WIPER2 is free for non-commercial research, education, evaluation, and
academic use. Commercial use requires a separate written license granted by
Dr. Jake Chen or another authorized copyright holder. See
LICENSE-WIPER2-NONCOMMERCIAL.md.
The web explorer (wiper-web) runs a local browser-facing tool for loading or
generating small networks, toggling raw/WIPER1/WIPER2 edge scores, inspecting
rank tables, and trimming the plot to a top-N or top-percent backbone.

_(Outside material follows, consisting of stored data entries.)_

Lemma path_interior_ancestor r x l z y t : is_path E (x :: l ++ z :: y :: t) ->
  tlt E r z x \/ tlt E r z (last y t).
Proof.
move=> Hp; have Pr : is_path E (z :: y :: t) := path_suffix (s := x :: l) Hp.
have Pl : is_path E (z :: rev (x :: l)).
  move: Hp; rewrite -cat_rcons => /path_prefix.
  by rewrite -rev_rcons -rcons_cons => /path_rev.
have Hrev : rev (x :: l) = last x l :: rev (belast x l) by rewrite lastI rev_rcons.
have Ex : last z (rev (x :: l)) = x by rewrite rev_cons last_rcons.
have Ezy : [set z; y] \in E by case/andP: Pr => /andP[].
have Ezx1 : [set z; last x l] \in E by move: Pl; rewrite Hrev => /andP[/andP[]].
have x1y : last x l != y.
  have := path_uniq Hp; rewrite -cat_cons cat_uniq => /and3P[_ /hasPn disj _].
  have yR : y \in z :: y :: t by rewrite in_cons mem_head orbT.
  by apply: contraTneq (disj y yR) => <-; rewrite negbK mem_last.
(* gamma r z continues along the side whose neighbour of z it avoids *)
case/orP: (gamma_neighbours r Ezx1 Ezy x1y) => [H|H]; [left; rewrite -Ex | right].
  by apply: tlt_path_end => //; rewrite Hrev.
exact: (@tlt_path_end r z (y :: t) Pr isT H).
Qed.

End Trees.

Lemma qinc_unique (T : finType) (q : {set T} -> T -> int) (eps : {set T}) (g : seq T) u :
  u \in g -> u \in eps -> {in g, forall w, w \in eps -> w = u} ->
  qinc q eps g = q eps u.
Proof.
move=> ug ue Hu; rewrite /qinc; case: pickP => [w /andP[wg we] | /(_ u)].
  by rewrite (Hu w wg we).
by rewrite ug ue.
Qed.

Lemma qinc_cons_notin (T : finType) (q : {set T} -> T -> int) (eps : {set T})
    (a : T) g :
  a \notin eps -> qinc q eps (a :: g) = qinc q eps g.
Proof.
move=> ae; rewrite /qinc (@eq_pick _ _ (fun u => (u \in g) && (u \in eps))) // => u.
by rewrite in_cons; case: eqVneq => [->|] /=; rewrite ?(negbTE ae) ?andbF.
Qed.

Section Incidence.
Variables (T : finType) (E : {set {set T}}) (q : {set T} -> T -> int).
Hypothesis Htree : is_tree [set: T] E.

Definition incident_prod (g : seq T) : int :=
  \prod_(eps in E | incident E eps g) qinc q eps g.

Definition incident_prod_off (e : {set T}) (g : seq T) : int :=
  \prod_(eps in E | incident E eps g && (eps != e)) qinc q eps g.

Variables (a b : T) (s : seq T).
Hypothesis Hp : is_path E (a :: b :: s).
Let e := [set a; b].

Lemma edge_off_path eps : eps \in E -> a \in eps -> eps != e ->
  {in b :: s, forall u, u \notin eps}.
Proof.
move=> epsE ae ne u us; apply/negP => ue.
have au : a != u by apply: contraTneq us => <-; exact: (path_notin Htree Hp).
have Heps := edge_eq Htree epsE ae ue au.
have Hau : [set a; u] \in E by rewrite -Heps.
have [bu] := path_second Htree Hp us Hau.
by rewrite Heps -bu eqxx in ne.
Qed.

Lemma not_incident_behead eps : eps \in E -> a \in eps -> eps != e ->
  ~~ incident E eps (b :: s).
Proof.
move=> epsE ae ne; apply/and3P => -[_ _ /hasP[u us ue]].
by have /negP := edge_off_path epsE ae ne us.
Qed.

Lemma incident_path_cons eps : eps \in E ->
  incident E eps (a :: b :: s) = (eps != e) && ((a \in eps) || incident E eps (b :: s)).
Proof.
move=> epsE; rewrite /incident /= epsE in_cons negb_or -andbA /=.
have [ae|] := boolP (a \in eps); rewrite ?andbT //=.
suff -> : eps \notin pedges b s by rewrite andbT.
by apply: contra (path_notin Htree Hp) => /mem_pedges; apply.
Qed.

Lemma incident_prod_path_cons :
  incident_prod (a :: b :: s) = Qf E q e a * incident_prod_off e (b :: s).
Proof.
rewrite /incident_prod /incident_prod_off.
rewrite (bigID (fun eps : {set T} => a \in eps)) /=; congr (_ * _).
  apply: eq_big => [eps|eps /andP[/andP[epsE]]].
    case: (boolP (eps \in E)) => //= epsE; rewrite incident_path_cons //.
    by case: (a \in eps); rewrite ?andbT ?andbF.
  rewrite incident_path_cons // => /andP[ne _] ae.
  apply: qinc_unique; rewrite ?mem_head // => w.
  rewrite in_cons => /predU1P[-> //|ws we].
  by have /negP := edge_off_path epsE ae ne ws.
apply: eq_big => [eps|eps /andP[_ ae]]; last exact: qinc_cons_notin.
case: (boolP (eps \in E)) => //= epsE; rewrite incident_path_cons //.
have [ae|_] := boolP (a \in eps); last by rewrite /= andbT andbC.
rewrite andbF; case: (eqVneq eps e) => [_|ne]; first by rewrite andbF.
by rewrite (negbTE (not_incident_behead epsE ae ne)).
Qed.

WIPER2 parallelizes the expensive shortest-path edge-credit construction over
source-node blocks with joblib process workers (--n-jobs -1 uses all detected
CPU cores). The final WINNER-style restart phase can dispatch to PyTorch CUDA
or Apple MPS when available, although the current benchmark machine exposed
only CPU.
On an Apple M4 with 10 detected CPU cores, a synthetic 300-node / 900-edge
scale-free network improved from 1.33 s with one worker to 0.57 s with 10
workers for a full 200-iteration WIPER2 run. See
python/README.md and
python/benchmarks/benchmark_wiper2.py
for the detailed table and reproducible benchmark command.